[Start of Attachment]
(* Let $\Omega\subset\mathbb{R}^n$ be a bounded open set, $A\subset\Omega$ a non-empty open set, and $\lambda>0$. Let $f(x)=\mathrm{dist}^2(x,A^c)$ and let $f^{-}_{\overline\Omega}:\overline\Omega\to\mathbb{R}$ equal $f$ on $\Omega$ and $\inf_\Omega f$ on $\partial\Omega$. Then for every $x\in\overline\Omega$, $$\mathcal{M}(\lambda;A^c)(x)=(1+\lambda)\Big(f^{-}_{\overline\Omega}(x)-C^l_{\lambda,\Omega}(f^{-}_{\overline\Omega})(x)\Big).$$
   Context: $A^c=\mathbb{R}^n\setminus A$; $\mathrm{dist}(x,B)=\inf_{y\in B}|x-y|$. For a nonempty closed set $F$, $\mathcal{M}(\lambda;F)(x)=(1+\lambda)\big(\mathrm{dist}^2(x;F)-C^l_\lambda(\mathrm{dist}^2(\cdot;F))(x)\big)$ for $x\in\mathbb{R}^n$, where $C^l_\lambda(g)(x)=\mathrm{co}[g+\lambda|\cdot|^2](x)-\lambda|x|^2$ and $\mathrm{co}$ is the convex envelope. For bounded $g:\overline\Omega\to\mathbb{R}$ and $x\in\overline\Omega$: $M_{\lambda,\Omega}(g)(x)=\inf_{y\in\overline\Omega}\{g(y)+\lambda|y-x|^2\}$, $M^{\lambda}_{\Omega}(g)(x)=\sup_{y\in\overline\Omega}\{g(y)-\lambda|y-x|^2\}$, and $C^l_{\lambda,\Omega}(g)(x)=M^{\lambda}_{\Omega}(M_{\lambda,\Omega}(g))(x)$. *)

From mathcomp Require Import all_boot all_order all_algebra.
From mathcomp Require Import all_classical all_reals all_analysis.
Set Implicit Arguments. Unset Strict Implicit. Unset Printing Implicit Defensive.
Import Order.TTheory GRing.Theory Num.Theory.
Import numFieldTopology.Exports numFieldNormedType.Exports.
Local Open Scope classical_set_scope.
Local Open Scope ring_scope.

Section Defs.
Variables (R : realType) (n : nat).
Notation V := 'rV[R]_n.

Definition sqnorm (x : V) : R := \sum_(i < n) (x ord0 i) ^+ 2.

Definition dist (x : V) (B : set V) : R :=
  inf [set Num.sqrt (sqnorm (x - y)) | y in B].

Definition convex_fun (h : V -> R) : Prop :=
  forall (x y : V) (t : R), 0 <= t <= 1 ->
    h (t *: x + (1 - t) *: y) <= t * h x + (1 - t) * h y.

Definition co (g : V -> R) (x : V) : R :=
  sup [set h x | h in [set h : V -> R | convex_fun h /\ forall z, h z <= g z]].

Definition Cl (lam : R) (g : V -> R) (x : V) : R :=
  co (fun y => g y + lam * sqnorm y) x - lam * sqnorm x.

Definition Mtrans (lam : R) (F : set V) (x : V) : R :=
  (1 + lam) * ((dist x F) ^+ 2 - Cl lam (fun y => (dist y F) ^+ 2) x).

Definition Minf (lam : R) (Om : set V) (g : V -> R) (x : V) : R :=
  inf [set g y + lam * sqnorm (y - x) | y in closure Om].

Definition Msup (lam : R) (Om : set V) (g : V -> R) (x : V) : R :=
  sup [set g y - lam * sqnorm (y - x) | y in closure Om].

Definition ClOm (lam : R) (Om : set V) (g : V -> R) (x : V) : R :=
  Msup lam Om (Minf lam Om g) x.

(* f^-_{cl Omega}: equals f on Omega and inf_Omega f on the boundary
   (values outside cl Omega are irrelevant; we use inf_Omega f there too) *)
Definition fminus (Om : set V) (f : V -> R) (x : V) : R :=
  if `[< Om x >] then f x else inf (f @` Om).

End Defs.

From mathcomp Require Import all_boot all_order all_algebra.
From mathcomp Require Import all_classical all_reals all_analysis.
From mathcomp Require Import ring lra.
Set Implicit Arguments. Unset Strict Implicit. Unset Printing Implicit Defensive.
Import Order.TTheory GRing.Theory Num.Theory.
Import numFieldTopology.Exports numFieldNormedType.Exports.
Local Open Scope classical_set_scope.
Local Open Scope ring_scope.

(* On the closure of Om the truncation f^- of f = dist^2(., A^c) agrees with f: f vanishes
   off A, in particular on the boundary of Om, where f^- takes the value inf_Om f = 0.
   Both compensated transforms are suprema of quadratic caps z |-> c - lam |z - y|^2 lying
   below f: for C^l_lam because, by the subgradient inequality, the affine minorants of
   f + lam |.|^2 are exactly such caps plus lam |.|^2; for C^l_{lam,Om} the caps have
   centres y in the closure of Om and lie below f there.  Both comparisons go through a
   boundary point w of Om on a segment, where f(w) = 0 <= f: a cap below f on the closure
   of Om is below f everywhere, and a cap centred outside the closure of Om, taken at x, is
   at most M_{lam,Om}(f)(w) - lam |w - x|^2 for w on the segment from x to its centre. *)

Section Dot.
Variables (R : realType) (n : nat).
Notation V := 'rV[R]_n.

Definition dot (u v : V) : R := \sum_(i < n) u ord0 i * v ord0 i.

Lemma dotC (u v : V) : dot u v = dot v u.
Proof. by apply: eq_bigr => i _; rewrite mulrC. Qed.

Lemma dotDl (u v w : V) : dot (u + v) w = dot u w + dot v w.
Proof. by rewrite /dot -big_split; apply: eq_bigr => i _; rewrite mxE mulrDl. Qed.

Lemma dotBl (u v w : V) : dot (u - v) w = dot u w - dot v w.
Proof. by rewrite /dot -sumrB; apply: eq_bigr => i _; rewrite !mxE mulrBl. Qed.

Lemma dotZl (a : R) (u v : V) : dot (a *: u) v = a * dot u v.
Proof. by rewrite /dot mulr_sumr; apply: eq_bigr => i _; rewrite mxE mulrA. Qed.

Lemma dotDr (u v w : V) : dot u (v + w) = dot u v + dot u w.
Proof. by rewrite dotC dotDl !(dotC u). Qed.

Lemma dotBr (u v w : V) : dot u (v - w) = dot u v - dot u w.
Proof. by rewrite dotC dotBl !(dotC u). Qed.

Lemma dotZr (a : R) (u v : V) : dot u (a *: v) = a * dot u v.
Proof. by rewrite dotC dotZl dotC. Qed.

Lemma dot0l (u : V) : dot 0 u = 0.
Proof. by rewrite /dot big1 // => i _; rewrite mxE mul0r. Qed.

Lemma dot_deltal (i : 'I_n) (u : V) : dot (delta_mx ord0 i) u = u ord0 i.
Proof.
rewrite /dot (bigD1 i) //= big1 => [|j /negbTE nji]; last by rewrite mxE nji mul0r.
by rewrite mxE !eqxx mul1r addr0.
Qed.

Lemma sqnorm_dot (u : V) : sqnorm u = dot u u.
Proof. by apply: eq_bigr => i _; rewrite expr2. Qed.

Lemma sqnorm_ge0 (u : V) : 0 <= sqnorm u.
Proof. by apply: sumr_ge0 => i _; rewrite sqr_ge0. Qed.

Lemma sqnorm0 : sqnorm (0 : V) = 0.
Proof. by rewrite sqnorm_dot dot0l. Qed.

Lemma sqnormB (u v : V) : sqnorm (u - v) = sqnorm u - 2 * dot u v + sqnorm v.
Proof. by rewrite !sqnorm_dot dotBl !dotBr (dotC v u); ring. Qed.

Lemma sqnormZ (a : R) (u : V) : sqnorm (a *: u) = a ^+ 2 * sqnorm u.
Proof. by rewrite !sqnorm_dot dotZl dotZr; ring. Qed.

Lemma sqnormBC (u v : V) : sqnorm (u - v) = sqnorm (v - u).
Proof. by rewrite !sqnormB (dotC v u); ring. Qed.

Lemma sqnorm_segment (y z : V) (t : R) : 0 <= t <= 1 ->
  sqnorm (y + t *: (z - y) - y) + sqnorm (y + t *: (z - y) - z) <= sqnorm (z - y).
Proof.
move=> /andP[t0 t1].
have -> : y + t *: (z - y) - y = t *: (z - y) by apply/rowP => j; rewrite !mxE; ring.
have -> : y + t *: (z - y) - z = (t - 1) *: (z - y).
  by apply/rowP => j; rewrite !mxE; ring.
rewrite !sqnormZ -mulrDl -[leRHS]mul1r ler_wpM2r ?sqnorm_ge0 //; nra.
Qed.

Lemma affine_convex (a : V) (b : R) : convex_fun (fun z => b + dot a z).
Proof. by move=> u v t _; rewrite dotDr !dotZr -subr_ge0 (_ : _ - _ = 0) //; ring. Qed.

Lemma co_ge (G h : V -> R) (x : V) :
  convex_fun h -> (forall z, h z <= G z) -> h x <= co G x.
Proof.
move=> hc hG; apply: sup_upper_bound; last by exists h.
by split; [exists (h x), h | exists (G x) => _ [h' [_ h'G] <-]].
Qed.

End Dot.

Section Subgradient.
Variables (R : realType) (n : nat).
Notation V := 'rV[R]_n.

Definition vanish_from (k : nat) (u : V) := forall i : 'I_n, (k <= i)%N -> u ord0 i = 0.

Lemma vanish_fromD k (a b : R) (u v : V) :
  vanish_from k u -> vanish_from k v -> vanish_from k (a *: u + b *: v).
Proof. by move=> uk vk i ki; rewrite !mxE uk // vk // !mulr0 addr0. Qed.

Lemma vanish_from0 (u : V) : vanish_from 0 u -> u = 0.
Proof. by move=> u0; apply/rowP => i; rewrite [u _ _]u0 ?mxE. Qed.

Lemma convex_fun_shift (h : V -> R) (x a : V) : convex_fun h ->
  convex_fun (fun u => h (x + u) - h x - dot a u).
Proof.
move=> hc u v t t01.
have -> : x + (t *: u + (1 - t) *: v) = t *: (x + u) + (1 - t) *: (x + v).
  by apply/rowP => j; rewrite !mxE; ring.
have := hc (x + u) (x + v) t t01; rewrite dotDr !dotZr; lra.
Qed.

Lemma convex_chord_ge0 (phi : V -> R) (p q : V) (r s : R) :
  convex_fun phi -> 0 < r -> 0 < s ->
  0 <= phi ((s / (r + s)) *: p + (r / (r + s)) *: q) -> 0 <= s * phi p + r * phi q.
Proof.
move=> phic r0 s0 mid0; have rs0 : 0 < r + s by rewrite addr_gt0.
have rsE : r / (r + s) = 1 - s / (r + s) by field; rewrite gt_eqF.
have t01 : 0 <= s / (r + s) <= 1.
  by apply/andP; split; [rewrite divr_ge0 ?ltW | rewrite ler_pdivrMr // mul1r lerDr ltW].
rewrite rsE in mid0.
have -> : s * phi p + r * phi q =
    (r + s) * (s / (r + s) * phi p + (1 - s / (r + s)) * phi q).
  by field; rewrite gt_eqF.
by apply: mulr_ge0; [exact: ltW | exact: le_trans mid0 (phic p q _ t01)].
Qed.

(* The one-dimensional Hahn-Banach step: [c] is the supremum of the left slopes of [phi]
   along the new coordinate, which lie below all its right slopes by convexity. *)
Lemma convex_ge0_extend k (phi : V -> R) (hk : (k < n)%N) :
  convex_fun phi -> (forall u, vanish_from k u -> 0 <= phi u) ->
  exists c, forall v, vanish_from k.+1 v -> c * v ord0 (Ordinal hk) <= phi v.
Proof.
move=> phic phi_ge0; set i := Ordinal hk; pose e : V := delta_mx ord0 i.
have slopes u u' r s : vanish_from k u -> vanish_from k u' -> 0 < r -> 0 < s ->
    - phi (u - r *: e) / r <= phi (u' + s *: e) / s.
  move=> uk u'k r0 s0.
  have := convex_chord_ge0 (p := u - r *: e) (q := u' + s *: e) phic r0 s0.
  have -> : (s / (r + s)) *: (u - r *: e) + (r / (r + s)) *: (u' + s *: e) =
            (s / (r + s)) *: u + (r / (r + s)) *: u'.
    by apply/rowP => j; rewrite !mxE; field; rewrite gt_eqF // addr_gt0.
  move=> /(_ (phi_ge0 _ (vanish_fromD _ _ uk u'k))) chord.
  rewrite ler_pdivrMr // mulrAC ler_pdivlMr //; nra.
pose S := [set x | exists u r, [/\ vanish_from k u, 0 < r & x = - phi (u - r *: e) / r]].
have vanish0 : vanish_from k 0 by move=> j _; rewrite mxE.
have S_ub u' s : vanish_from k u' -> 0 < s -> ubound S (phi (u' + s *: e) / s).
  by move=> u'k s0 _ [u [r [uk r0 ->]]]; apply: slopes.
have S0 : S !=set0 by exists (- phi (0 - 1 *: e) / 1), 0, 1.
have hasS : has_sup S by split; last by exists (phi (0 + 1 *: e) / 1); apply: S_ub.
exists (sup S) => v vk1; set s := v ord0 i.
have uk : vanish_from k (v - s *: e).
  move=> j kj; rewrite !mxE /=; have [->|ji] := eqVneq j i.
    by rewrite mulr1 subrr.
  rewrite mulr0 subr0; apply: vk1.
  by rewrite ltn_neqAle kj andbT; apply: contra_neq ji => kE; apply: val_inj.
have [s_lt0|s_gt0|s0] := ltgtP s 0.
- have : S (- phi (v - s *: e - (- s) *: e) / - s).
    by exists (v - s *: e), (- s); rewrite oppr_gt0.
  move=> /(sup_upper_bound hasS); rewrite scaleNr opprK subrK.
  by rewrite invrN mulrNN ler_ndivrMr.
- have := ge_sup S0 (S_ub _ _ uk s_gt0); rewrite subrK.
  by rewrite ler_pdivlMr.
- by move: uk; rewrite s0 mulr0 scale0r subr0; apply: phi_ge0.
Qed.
[End of Attachment]
§ **What to do**:
Where the line containing "by move=> u'k" appears in the records above, begin there and print every line through the last, exactly and with nothing else.

§ **Written reply**:
  by move=> u'k s0 _ [u [r [uk r0 ->]]]; apply: slopes.
have S0 : S !=set0 by exists (- phi (0 - 1 *: e) / 1), 0, 1.
have hasS : has_sup S by split; last by exists (phi (0 + 1 *: e) / 1); apply: S_ub.
exists (sup S) => v vk1; set s := v ord0 i.
have uk : vanish_from k (v - s *: e).
  move=> j kj; rewrite !mxE /=; have [->|ji] := eqVneq j i.
    by rewrite mulr1 subrr.
  rewrite mulr0 subr0; apply: vk1.
  by rewrite ltn_neqAle kj andbT; apply: contra_neq ji => kE; apply: val_inj.
have [s_lt0|s_gt0|s0] := ltgtP s 0.
- have : S (- phi (v - s *: e - (- s) *: e) / - s).
    by exists (v - s *: e), (- s); rewrite oppr_gt0.
  move=> /(sup_upper_bound hasS); rewrite scaleNr opprK subrK.
  by rewrite invrN mulrNN ler_ndivrMr.
- have := ge_sup S0 (S_ub _ _ uk s_gt0); rewrite subrK.
  by rewrite ler_pdivlMr.
- by move: uk; rewrite s0 mulr0 scale0r subr0; apply: phi_ge0.
Qed.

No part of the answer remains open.